:: Listed records ::
(* Let $(L,\le,(\sqsubseteq_\alpha)_{\alpha<\kappa})$ be a model of Axioms 1–4. Let $\alpha\le\kappa$, let $(x_\beta)_{\beta<\alpha}$ be a partial compatible sequence, and let $x=\bigvee_{\beta<\alpha}x_\beta$. If $z\in L$ satisfies $x_\beta\sqsubseteq_\beta z$ for all $\beta<\alpha$, then $x\sqsubseteq z$.
   Context: Setting (model of Axioms 1–4). Let $(L,\le)$ be a complete lattice with join operation $\bigvee$ and least element $\perp$. Let $\kappa>0$ be an ordinal, and for each ordinal $\alpha<\kappa$ let $\sqsubseteq_\alpha$ be a preorder on $L$. Derived relations: - $x=_\alpha y$ means $x\sqsubseteq_\alpha y$ and $y\sqsubseteq_\alpha x$. - $x\sqsubset_\alpha y$ means $x\sqsubseteq_\alpha y$ and not $x=_\alpha y$. - $\sqsubset=\bigcup_{\alpha<\kappa}\sqsubset_\alpha$. - $x\sqsubseteq y$ means $x\sqsubset y$ or $x=y$. Derived sets, for $x\in L$ and $\alpha<\kappa$: - $(x]_\alpha=\{y\in L:\forall\beta<\alpha,\ x=_\beta y\}$. - $[x]_\alpha=\{y\in L: x=_\alpha y\}$. For a set $X$, $X\sqsubseteq_\alpha y$ means $x\sqsubseteq_\alpha y$ for all $x\in X$. The structure is a model of Axioms 1–4 if: - (A1) for all $\alpha<\beta<\kappa$, $x\sqsubseteq_\beta y$ implies $x=_\alpha y$; - (A2) $\bigcap_{\alpha<\kappa}=_\alpha$ is the identity relation on $L$; - (A3) for every $x\in L$, every $\alpha<\kappa$ and every $X\subseteq(x]_\alpha$ there is $y\in(x]_\alpha$ with $X\sqsubseteq_\alpha y$ such that for all $z\in(x]_\alpha$ with $X\sqsubseteq_\alpha z$ we have $y\sqsubseteq_\alpha z$ and $y\le z$; - (A4) for every nonempty $X\subseteq L$, every $\alpha<\kappa$ and every $y\in L$, if $y=_\alpha x$ for all $x\in X$ then $y=_\alpha\bigvee X$. For an ordinal $\alpha\le\kappa$, a sequence $(x_\beta)_{\beta<\alpha}$ is a partial compatible sequence if each $x_\beta$ is the $\le$-least element of $[x_\beta]_\beta$ and $x_\beta=_\beta x_\gamma$ for all $\beta<\gamma<\alpha$. *)

From Stdlib Require Import Classical.

(* Ordinals below kappa are modelled by a nonempty type [I] with a strict
   well-order [lt] (any well-order is order-isomorphic to an ordinal). *)
Definition strict_well_order {I : Type} (lt : I -> I -> Prop) : Prop :=
  (forall a, ~ lt a a) /\
  (forall a b c, lt a b -> lt b c -> lt a c) /\
  (forall a b, lt a b \/ a = b \/ lt b a) /\
  well_founded lt.

(* An ordinal alpha <= kappa: [Some a] is the ordinal a < kappa,
   [None] is kappa itself.  [below lt b alpha] means b < alpha. *)
Definition below {I : Type} (lt : I -> I -> Prop) (b : I) (alpha : option I) : Prop :=
  match alpha with
  | None => True
  | Some a => lt b a
  end.

Definition complete_lattice {L : Type} (le : L -> L -> Prop)
  (join : (L -> Prop) -> L) : Prop :=
  (forall x, le x x) /\
  (forall x y z, le x y -> le y z -> le x z) /\
  (forall x y, le x y -> le y x -> x = y) /\
  (forall X : L -> Prop, (forall w, X w -> le w (join X)) /\
     (forall u, (forall w, X w -> le w u) -> le (join X) u)).

Definition preorder {L : Type} (r : L -> L -> Prop) : Prop :=
  (forall x, r x x) /\ (forall x y z, r x y -> r y z -> r x z).

Section Derived.
Context {I L : Type} (lt : I -> I -> Prop) (sq : I -> L -> L -> Prop).

Definition eqa (a : I) (x y : L) : Prop := sq a x y /\ sq a y x.
Definition sqlta (a : I) (x y : L) : Prop := sq a x y /\ ~ eqa a x y.
Definition sqlt (x y : L) : Prop := exists a, sqlta a x y.
Definition sqle (x y : L) : Prop := sqlt x y \/ x = y.
Definition downset (x : L) (a : I) : L -> Prop :=
  fun y => forall b, lt b a -> eqa b x y.
Definition cls (x : L) (a : I) : L -> Prop := fun y => eqa a x y.

End Derived.

Definition model_A1_4 {I L : Type} (lt : I -> I -> Prop)
  (le : L -> L -> Prop) (join : (L -> Prop) -> L)
  (sq : I -> L -> L -> Prop) : Prop :=
  (forall a b, lt a b -> forall x y, sq b x y -> eqa sq a x y) /\
  (forall x y, (forall a, eqa sq a x y) -> x = y) /\
  (forall (x : L) (a : I) (X : L -> Prop),
     (forall w, X w -> downset lt sq x a w) ->
     exists y, downset lt sq x a y /\ (forall w, X w -> sq a w y) /\
       (forall z, downset lt sq x a z -> (forall w, X w -> sq a w z) ->
          sq a y z /\ le y z)) /\
  (forall (X : L -> Prop), (exists w, X w) -> forall a y,
     (forall w, X w -> eqa sq a y w) -> eqa sq a y (join X)).

Definition partial_compatible {I L : Type} (lt : I -> I -> Prop)
  (le : L -> L -> Prop) (sq : I -> L -> L -> Prop)
  (alpha : option I) (xs : I -> L) : Prop :=
  (forall b, below lt b alpha ->
     cls sq (xs b) b (xs b) /\ (forall y, cls sq (xs b) b y -> le (xs b) y)) /\
  (forall b c, lt b c -> below lt c alpha -> eqa sq b (xs b) (xs c)).

From Stdlib Require Import Classical.

(* First, x agrees with each of its terms at their own level: x =_b x_b.
   Indeed the sequence is <=-increasing (x_c is <=-least in its class and
   x_c =_c x_d for c < d), so x is also the join of the tail (x_c)_{b<=c<alpha},
   all of whose members are =_b x_b; Axiom 4 then gives x_b =_b x.
   Second, if x <> z, Axiom 2 and well-foundedness give a least level m with
   not x =_m z, so that z lies in (x]_m.  If m < alpha then
   x =_m x_m ⊑_m z, hence x ⊏_m z.  If m >= alpha, then x is the least element
   of (x]_m provided by Axiom 3 (with X empty): that least element y is <= x,
   and every x_b lies below y because y =_b x =_b x_b; hence x ⊑_m z and
   again x ⊏_m z. *)

Lemma wf_least {I : Type} (lt : I -> I -> Prop) (Hwf : well_founded lt)
  (P : I -> Prop) : forall a, P a -> exists m, P m /\ forall b, lt b m -> ~ P b.
Proof.
  intro a. induction a as [a IH] using (well_founded_ind Hwf). intro Pa.
  destruct (classic (exists b, lt b a /\ P b)) as [[b [Hb Pb]]|Hn].
  - exact (IH b Hb Pb).
  - exists a; split; [exact Pa|]. intros b Hb Pb; apply Hn; eauto.
Qed.

Section LevelEquality.
Context {I L : Type} (sq : I -> L -> L -> Prop).
Hypothesis sq_pre : forall a, preorder (sq a).

Lemma eqa_refl (a : I) (u : L) : eqa sq a u u.
Proof. split; apply (proj1 (sq_pre a)). Qed.

Lemma eqa_trans (a : I) (u v w : L) :
  eqa sq a u v -> eqa sq a v w -> eqa sq a u w.
Proof.
  intros [h1 h2] [h3 h4]; split; eapply (proj2 (sq_pre a)); eauto.
Qed.
End LevelEquality.

Section Ordinals.
Context {I : Type} (lt : I -> I -> Prop).
Hypothesis lt_trans : forall a b c, lt a b -> lt b c -> lt a c.
Hypothesis lt_total : forall a b, lt a b \/ a = b \/ lt b a.

Lemma below_down (alpha : option I) (c d : I) :
  lt c d -> below lt d alpha -> below lt c alpha.
Proof. destruct alpha; simpl; eauto. Qed.

Lemma below_lt_of_not_below (alpha : option I) (m b : I) :
  ~ below lt m alpha -> below lt b alpha -> lt b m.
Proof.
  destruct alpha as [a|]; simpl; [|tauto].
  intros Hm Hb. destruct (lt_total b m) as [H|[H|H]]; auto.
  - subst; contradiction.
  - exfalso; eauto.
Qed.
End Ordinals.

Section CompatibleJoin.
Context {I L : Type} (lt : I -> I -> Prop) (le : L -> L -> Prop)
  (join : (L -> Prop) -> L) (sq : I -> L -> L -> Prop).
Hypothesis lt_irrefl : forall a, ~ lt a a.
Hypothesis lt_trans : forall a b c, lt a b -> lt b c -> lt a c.
Hypothesis lt_total : forall a b, lt a b \/ a = b \/ lt b a.
Hypothesis le_trans : forall x y z, le x y -> le y z -> le x z.
Hypothesis le_antisym : forall x y, le x y -> le y x -> x = y.
Hypothesis join_ub : forall X w, X w -> le w (join X).
Hypothesis join_least : forall X u, (forall w, X w -> le w u) -> le (join X) u.
Hypothesis sq_pre : forall a, preorder (sq a).
Hypothesis axiom3 : forall (x : L) (a : I) (X : L -> Prop),
  (forall w, X w -> downset lt sq x a w) ->
  exists y, downset lt sq x a y /\ (forall w, X w -> sq a w y) /\
    (forall z, downset lt sq x a z -> (forall w, X w -> sq a w z) ->
       sq a y z /\ le y z).
Hypothesis axiom4 : forall (X : L -> Prop), (exists w, X w) -> forall a y,
  (forall w, X w -> eqa sq a y w) -> eqa sq a y (join X).

Variables (alpha : option I) (xs : I -> L).
Hypothesis xs_least :
  forall b, below lt b alpha -> forall y, eqa sq b (xs b) y -> le (xs b) y.
Hypothesis xs_compat :
  forall b c, lt b c -> below lt c alpha -> eqa sq b (xs b) (xs c).

Let terms : L -> Prop := fun w => exists b, below lt b alpha /\ w = xs b.

Lemma compatible_increasing (c d : I) :
  lt c d -> below lt d alpha -> le (xs c) (xs d).
Proof.
  intros Hcd Hd. apply (xs_least c (below_down lt lt_trans alpha c d Hcd Hd)).
  apply xs_compat; auto.
Qed.

(* Being increasing, the sequence has the same join as any of its tails. *)
Lemma join_tail (b : I) : below lt b alpha ->
  join terms = join (fun w => exists c, below lt c alpha /\ ~ lt c b /\ w = xs c).
Proof.
  intro Hb. apply le_antisym; apply join_least.
  - intros w [c [Hc ->]]. destruct (classic (lt c b)) as [Hcb|Hcb].
    + apply le_trans with (xs b); [exact (compatible_increasing c b Hcb Hb)|].
      apply join_ub. exists b; repeat split; auto using lt_irrefl.
    + apply join_ub. exists c; auto.
  - intros w [c [Hc [_ ->]]]. apply join_ub. exists c; auto.
Qed.

(* The join agrees with each term at that term's level (Axiom 4 on a tail). *)
Lemma join_agrees (b : I) : below lt b alpha -> eqa sq b (xs b) (join terms).
Proof.
  intro Hb. rewrite (join_tail b Hb). apply axiom4.
  - exists (xs b), b; repeat split; auto using lt_irrefl.
  - intros w [c [Hc [Hcb ->]]]. destruct (lt_total b c) as [H|[H|H]].
    + apply xs_compat; auto.
    + subst; exact (eqa_refl sq sq_pre c (xs c)).
    + contradiction.
Qed.

(* At a level m >= alpha, the join is the ⊑_m-least element of its own
   downset (x]_m: it coincides with the least element given by Axiom 3. *)
Lemma join_least_in_downset (m : I) :
  (forall b, below lt b alpha -> lt b m) ->
  forall z, downset lt sq (join terms) m z -> sq m (join terms) z.
Proof.
  intros Hm z Hz.
  destruct (axiom3 (join terms) m (fun _ => False) (fun w F => False_ind _ F))
    as [y [Hy_down [_ Hy_least]]].
  assert (Hyx : y = join terms).
  { apply le_antisym.
    - apply (Hy_least (join terms) (fun b _ => eqa_refl sq sq_pre b _)
               (fun w F => False_ind _ F)).
    - apply join_least. intros w [b [Hb ->]]. apply (xs_least b Hb).
      apply eqa_trans with (join terms); [exact sq_pre|exact (join_agrees b Hb)|].
      exact (Hy_down b (Hm b Hb)). }
  rewrite <- Hyx. exact (proj1 (Hy_least z Hz (fun w F => False_ind _ F))).
Qed.
End CompatibleJoin.

Lemma first_disagreement {I L : Type} (lt : I -> I -> Prop)
  (sq : I -> L -> L -> Prop) (Hwf : well_founded lt)
  (axiom2 : forall x y, (forall a, eqa sq a x y) -> x = y) (x z : L) :
  x <> z -> exists m, ~ eqa sq m x z /\ downset lt sq x m z.
Proof.
  intro Hneq.
  assert (Hex : exists a, ~ eqa sq a x z).
  { apply NNPP; intro Hn. apply Hneq, axiom2. intro a.
    apply NNPP; intro Ha; apply Hn; eauto. }
  destruct Hex as [a Ha].
  destruct (wf_least lt Hwf (fun a => ~ eqa sq a x z) a Ha) as [m [Hm Hbelow]].
  exists m; split; [exact Hm|]. intros b Hb. apply NNPP, Hbelow, Hb.
Qed.

Theorem mainTheorem12 (I L : Type) (lt : I -> I -> Prop)
  (le : L -> L -> Prop) (join : (L -> Prop) -> L)
  (sq : I -> L -> L -> Prop)
  (Hwo : strict_well_order lt) (Hne : inhabited I)
  (Hlat : complete_lattice le join)
  (Hpre : forall a, preorder (sq a))
  (Hmodel : model_A1_4 lt le join sq)
  (alpha : option I) (xs : I -> L)
  (Hxs : partial_compatible lt le sq alpha xs)
  (z : L)
  (Hz : forall b, below lt b alpha -> sq b (xs b) z) :
  sqle sq (join (fun w => exists b, below lt b alpha /\ w = xs b)) z.
Proof.
  destruct Hwo as [Hirr [Htr [Htot Hwf]]].
  destruct Hlat as [_ [Ltr [Lanti Ljoin]]].
  destruct Hmodel as [_ [A2 [A3 A4]]].
  destruct Hxs as [Hmin Hcomp].
  set (x := join (fun w => exists b, below lt b alpha /\ w = xs b)).
  destruct (classic (x = z)) as [Heq|Hneq]; [right; exact Heq|].
  destruct (first_disagreement lt sq Hwf A2 x z Hneq) as [m [Hm Hdown]].
  left; exists m; split; [|exact Hm].
  destruct (classic (below lt m alpha)) as [Hb|Hb].
  - (* m < alpha: x =_m x_m ⊑_m z *)
    apply (proj2 (Hpre m)) with (xs m); [|exact (Hz m Hb)].
    apply (join_agrees lt le join sq Hirr Htr Htot Ltr Lanti
             (fun X w => proj1 (Ljoin X) w) (fun X => proj2 (Ljoin X))
             Hpre A4 alpha xs (fun b Hb => proj2 (Hmin b Hb)) Hcomp m Hb).
  - (* m >= alpha: x is ⊑_m-least in (x]_m, which contains z *)
    apply (join_least_in_downset lt le join sq Hirr Htr Htot Ltr Lanti
             (fun X w => proj1 (Ljoin X) w) (fun X => proj2 (Ljoin X))
             Hpre A3 A4 alpha xs (fun b Hb => proj2 (Hmin b Hb)) Hcomp m);
      [|exact Hdown].
    intros b Hbα. exact (below_lt_of_not_below lt Htr Htot alpha m b Hb Hbα).
Qed.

:: Work instructions ::
The stopping point is the line containing "(* Ordinals below". Reproduce exactly every line of the material from the first through that one.

:: Response ::
(* Let $(L,\le,(\sqsubseteq_\alpha)_{\alpha<\kappa})$ be a model of Axioms 1–4. Let $\alpha\le\kappa$, let $(x_\beta)_{\beta<\alpha}$ be a partial compatible sequence, and let $x=\bigvee_{\beta<\alpha}x_\beta$. If $z\in L$ satisfies $x_\beta\sqsubseteq_\beta z$ for all $\beta<\alpha$, then $x\sqsubseteq z$.
   Context: Setting (model of Axioms 1–4). Let $(L,\le)$ be a complete lattice with join operation $\bigvee$ and least element $\perp$. Let $\kappa>0$ be an ordinal, and for each ordinal $\alpha<\kappa$ let $\sqsubseteq_\alpha$ be a preorder on $L$. Derived relations: - $x=_\alpha y$ means $x\sqsubseteq_\alpha y$ and $y\sqsubseteq_\alpha x$. - $x\sqsubset_\alpha y$ means $x\sqsubseteq_\alpha y$ and not $x=_\alpha y$. - $\sqsubset=\bigcup_{\alpha<\kappa}\sqsubset_\alpha$. - $x\sqsubseteq y$ means $x\sqsubset y$ or $x=y$. Derived sets, for $x\in L$ and $\alpha<\kappa$: - $(x]_\alpha=\{y\in L:\forall\beta<\alpha,\ x=_\beta y\}$. - $[x]_\alpha=\{y\in L: x=_\alpha y\}$. For a set $X$, $X\sqsubseteq_\alpha y$ means $x\sqsubseteq_\alpha y$ for all $x\in X$. The structure is a model of Axioms 1–4 if: - (A1) for all $\alpha<\beta<\kappa$, $x\sqsubseteq_\beta y$ implies $x=_\alpha y$; - (A2) $\bigcap_{\alpha<\kappa}=_\alpha$ is the identity relation on $L$; - (A3) for every $x\in L$, every $\alpha<\kappa$ and every $X\subseteq(x]_\alpha$ there is $y\in(x]_\alpha$ with $X\sqsubseteq_\alpha y$ such that for all $z\in(x]_\alpha$ with $X\sqsubseteq_\alpha z$ we have $y\sqsubseteq_\alpha z$ and $y\le z$; - (A4) for every nonempty $X\subseteq L$, every $\alpha<\kappa$ and every $y\in L$, if $y=_\alpha x$ for all $x\in X$ then $y=_\alpha\bigvee X$. For an ordinal $\alpha\le\kappa$, a sequence $(x_\beta)_{\beta<\alpha}$ is a partial compatible sequence if each $x_\beta$ is the $\le$-least element of $[x_\beta]_\beta$ and $x_\beta=_\beta x_\gamma$ for all $\beta<\gamma<\alpha$. *)

From Stdlib Require Import Classical.

(* Ordinals below kappa are modelled by a nonempty type [I] with a strict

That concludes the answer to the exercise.